WHAT YOU HAVE TO DO:
Some lines in the data below hold the string "Variables". Report how many, as a bare number.

RECORDS FOR THE EXERCISE:
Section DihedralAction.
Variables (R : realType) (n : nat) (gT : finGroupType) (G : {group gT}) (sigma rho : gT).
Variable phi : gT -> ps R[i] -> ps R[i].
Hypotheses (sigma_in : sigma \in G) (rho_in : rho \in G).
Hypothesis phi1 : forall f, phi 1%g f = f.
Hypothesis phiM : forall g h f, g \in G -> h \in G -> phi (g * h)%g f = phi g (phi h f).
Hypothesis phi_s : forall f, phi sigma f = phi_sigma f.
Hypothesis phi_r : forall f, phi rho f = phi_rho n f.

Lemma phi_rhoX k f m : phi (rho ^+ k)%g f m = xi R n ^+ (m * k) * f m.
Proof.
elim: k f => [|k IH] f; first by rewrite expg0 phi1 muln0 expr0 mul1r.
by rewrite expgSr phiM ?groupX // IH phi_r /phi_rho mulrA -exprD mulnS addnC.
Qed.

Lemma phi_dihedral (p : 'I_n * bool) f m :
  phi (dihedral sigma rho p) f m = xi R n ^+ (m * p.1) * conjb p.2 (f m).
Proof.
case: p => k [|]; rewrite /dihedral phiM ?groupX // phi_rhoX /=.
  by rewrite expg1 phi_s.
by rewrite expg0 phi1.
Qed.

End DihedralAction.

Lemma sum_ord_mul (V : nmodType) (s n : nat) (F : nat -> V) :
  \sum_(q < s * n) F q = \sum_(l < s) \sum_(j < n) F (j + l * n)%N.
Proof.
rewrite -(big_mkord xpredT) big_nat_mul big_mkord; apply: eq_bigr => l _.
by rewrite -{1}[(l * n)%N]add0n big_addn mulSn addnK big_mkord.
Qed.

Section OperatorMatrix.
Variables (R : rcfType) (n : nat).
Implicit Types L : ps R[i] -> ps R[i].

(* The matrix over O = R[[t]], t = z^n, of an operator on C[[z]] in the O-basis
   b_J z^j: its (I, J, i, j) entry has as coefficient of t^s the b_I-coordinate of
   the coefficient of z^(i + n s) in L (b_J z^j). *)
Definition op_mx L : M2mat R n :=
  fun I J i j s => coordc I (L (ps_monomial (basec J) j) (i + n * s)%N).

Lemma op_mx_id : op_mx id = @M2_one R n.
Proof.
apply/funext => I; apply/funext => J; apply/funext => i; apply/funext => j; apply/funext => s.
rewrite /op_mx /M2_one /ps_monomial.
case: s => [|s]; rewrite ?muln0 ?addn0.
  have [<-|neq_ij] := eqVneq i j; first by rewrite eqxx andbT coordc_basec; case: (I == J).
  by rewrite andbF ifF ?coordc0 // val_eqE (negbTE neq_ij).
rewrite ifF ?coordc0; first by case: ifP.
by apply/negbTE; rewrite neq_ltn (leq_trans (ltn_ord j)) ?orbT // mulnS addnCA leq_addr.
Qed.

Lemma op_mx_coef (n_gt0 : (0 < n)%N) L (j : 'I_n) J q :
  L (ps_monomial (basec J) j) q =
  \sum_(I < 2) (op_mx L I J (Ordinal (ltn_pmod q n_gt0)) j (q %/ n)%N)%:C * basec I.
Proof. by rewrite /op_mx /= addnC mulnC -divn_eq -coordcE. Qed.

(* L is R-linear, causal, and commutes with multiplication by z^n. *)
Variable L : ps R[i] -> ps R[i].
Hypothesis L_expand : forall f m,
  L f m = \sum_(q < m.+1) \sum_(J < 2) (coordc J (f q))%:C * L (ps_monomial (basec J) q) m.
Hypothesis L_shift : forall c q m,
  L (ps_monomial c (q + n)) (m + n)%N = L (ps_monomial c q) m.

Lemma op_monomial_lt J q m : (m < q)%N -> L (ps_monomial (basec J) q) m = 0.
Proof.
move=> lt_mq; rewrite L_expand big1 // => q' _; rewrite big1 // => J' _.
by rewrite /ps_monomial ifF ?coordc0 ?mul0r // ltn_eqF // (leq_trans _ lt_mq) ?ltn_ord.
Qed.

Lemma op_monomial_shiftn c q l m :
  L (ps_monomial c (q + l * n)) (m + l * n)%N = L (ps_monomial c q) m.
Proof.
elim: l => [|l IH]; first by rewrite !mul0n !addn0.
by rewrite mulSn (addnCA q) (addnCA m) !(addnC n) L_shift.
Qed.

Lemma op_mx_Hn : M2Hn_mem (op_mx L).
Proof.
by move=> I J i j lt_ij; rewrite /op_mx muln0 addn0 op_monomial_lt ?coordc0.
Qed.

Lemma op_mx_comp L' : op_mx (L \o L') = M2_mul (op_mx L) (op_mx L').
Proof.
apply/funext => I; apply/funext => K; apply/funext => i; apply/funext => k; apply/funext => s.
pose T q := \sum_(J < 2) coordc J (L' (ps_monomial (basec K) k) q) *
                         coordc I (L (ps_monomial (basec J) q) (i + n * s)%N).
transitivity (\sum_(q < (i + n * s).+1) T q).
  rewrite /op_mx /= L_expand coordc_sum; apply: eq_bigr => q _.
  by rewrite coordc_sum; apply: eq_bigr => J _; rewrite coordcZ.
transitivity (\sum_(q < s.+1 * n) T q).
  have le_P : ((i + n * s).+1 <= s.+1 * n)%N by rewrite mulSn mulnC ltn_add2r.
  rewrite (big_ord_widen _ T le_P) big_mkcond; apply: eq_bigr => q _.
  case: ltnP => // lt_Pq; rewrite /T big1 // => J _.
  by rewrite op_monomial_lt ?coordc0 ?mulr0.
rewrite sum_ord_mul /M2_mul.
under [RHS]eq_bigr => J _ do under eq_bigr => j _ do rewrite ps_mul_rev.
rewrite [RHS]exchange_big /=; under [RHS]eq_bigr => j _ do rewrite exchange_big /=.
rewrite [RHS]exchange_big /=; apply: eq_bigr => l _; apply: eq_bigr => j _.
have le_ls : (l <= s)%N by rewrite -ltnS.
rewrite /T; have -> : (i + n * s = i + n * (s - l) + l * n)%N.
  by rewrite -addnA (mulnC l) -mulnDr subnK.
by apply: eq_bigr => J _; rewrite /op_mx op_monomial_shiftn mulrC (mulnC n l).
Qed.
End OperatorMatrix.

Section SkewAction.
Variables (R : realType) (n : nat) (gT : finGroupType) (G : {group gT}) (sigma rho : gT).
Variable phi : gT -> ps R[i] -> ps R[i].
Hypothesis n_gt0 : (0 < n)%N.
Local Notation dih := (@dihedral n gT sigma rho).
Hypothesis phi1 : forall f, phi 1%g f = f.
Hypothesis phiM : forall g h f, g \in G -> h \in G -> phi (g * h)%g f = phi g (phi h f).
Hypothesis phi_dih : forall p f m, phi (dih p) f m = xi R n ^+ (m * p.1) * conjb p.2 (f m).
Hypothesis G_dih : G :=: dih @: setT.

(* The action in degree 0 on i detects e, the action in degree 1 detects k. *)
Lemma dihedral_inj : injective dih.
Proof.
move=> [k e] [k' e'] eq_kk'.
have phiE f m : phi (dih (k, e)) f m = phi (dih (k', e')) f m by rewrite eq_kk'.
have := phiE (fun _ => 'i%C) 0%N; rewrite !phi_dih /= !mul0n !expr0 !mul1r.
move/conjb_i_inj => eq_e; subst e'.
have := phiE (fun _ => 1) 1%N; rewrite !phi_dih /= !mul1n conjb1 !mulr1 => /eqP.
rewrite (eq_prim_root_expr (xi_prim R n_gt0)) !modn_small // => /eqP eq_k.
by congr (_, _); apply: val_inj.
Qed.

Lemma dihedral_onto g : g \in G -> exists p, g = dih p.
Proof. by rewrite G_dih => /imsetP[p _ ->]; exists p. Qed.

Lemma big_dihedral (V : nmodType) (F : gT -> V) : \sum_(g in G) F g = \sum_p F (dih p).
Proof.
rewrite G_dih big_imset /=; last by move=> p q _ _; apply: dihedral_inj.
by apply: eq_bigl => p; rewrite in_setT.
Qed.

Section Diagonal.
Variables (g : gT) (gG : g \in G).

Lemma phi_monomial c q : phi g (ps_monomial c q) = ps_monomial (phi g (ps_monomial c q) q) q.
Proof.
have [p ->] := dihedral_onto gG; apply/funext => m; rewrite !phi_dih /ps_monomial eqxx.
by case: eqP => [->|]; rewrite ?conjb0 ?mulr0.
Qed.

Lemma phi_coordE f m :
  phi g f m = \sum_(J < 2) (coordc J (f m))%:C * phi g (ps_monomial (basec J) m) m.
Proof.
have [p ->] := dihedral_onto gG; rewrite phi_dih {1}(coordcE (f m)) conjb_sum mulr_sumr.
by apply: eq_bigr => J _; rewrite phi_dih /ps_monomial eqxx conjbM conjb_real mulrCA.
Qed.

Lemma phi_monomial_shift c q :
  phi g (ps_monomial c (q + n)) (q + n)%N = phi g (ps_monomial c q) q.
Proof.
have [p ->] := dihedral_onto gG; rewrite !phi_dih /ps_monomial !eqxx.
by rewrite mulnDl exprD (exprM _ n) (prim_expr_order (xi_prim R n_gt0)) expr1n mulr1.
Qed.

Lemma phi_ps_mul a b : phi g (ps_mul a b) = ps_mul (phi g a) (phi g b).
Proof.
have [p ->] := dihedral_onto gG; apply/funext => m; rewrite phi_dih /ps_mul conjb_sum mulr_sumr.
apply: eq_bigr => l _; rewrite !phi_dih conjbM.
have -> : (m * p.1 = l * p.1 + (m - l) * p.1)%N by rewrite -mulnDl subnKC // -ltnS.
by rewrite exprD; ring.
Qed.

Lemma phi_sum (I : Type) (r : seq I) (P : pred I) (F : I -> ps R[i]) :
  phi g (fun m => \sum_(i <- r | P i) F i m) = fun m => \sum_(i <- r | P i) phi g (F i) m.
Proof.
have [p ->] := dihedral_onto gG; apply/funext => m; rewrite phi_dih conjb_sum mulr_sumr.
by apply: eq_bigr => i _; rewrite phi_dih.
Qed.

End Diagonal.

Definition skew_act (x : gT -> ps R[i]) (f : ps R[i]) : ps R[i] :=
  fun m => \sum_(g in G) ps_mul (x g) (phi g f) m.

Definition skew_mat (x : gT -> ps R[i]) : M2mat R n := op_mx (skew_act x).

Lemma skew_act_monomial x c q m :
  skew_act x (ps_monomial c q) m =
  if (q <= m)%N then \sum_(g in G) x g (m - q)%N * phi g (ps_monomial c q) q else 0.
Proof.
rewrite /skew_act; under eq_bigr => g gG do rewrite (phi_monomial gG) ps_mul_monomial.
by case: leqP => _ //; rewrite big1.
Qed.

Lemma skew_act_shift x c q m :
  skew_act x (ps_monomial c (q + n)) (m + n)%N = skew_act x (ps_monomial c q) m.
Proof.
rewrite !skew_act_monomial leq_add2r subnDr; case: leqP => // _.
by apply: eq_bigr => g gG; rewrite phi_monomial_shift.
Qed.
==
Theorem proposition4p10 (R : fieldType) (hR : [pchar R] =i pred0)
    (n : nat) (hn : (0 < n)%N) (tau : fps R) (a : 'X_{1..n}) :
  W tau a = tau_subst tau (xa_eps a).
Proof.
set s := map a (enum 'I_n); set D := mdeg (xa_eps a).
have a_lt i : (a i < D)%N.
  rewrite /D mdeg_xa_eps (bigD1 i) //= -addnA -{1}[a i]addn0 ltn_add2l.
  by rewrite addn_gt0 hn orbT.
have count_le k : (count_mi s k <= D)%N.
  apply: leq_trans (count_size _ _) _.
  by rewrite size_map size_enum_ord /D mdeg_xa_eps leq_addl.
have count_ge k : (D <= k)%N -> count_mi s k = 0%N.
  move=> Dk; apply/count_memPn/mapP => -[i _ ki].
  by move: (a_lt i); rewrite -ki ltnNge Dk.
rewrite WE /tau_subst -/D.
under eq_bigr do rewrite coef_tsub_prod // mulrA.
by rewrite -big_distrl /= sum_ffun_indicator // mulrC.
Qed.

EXERCISE ANSWER:
4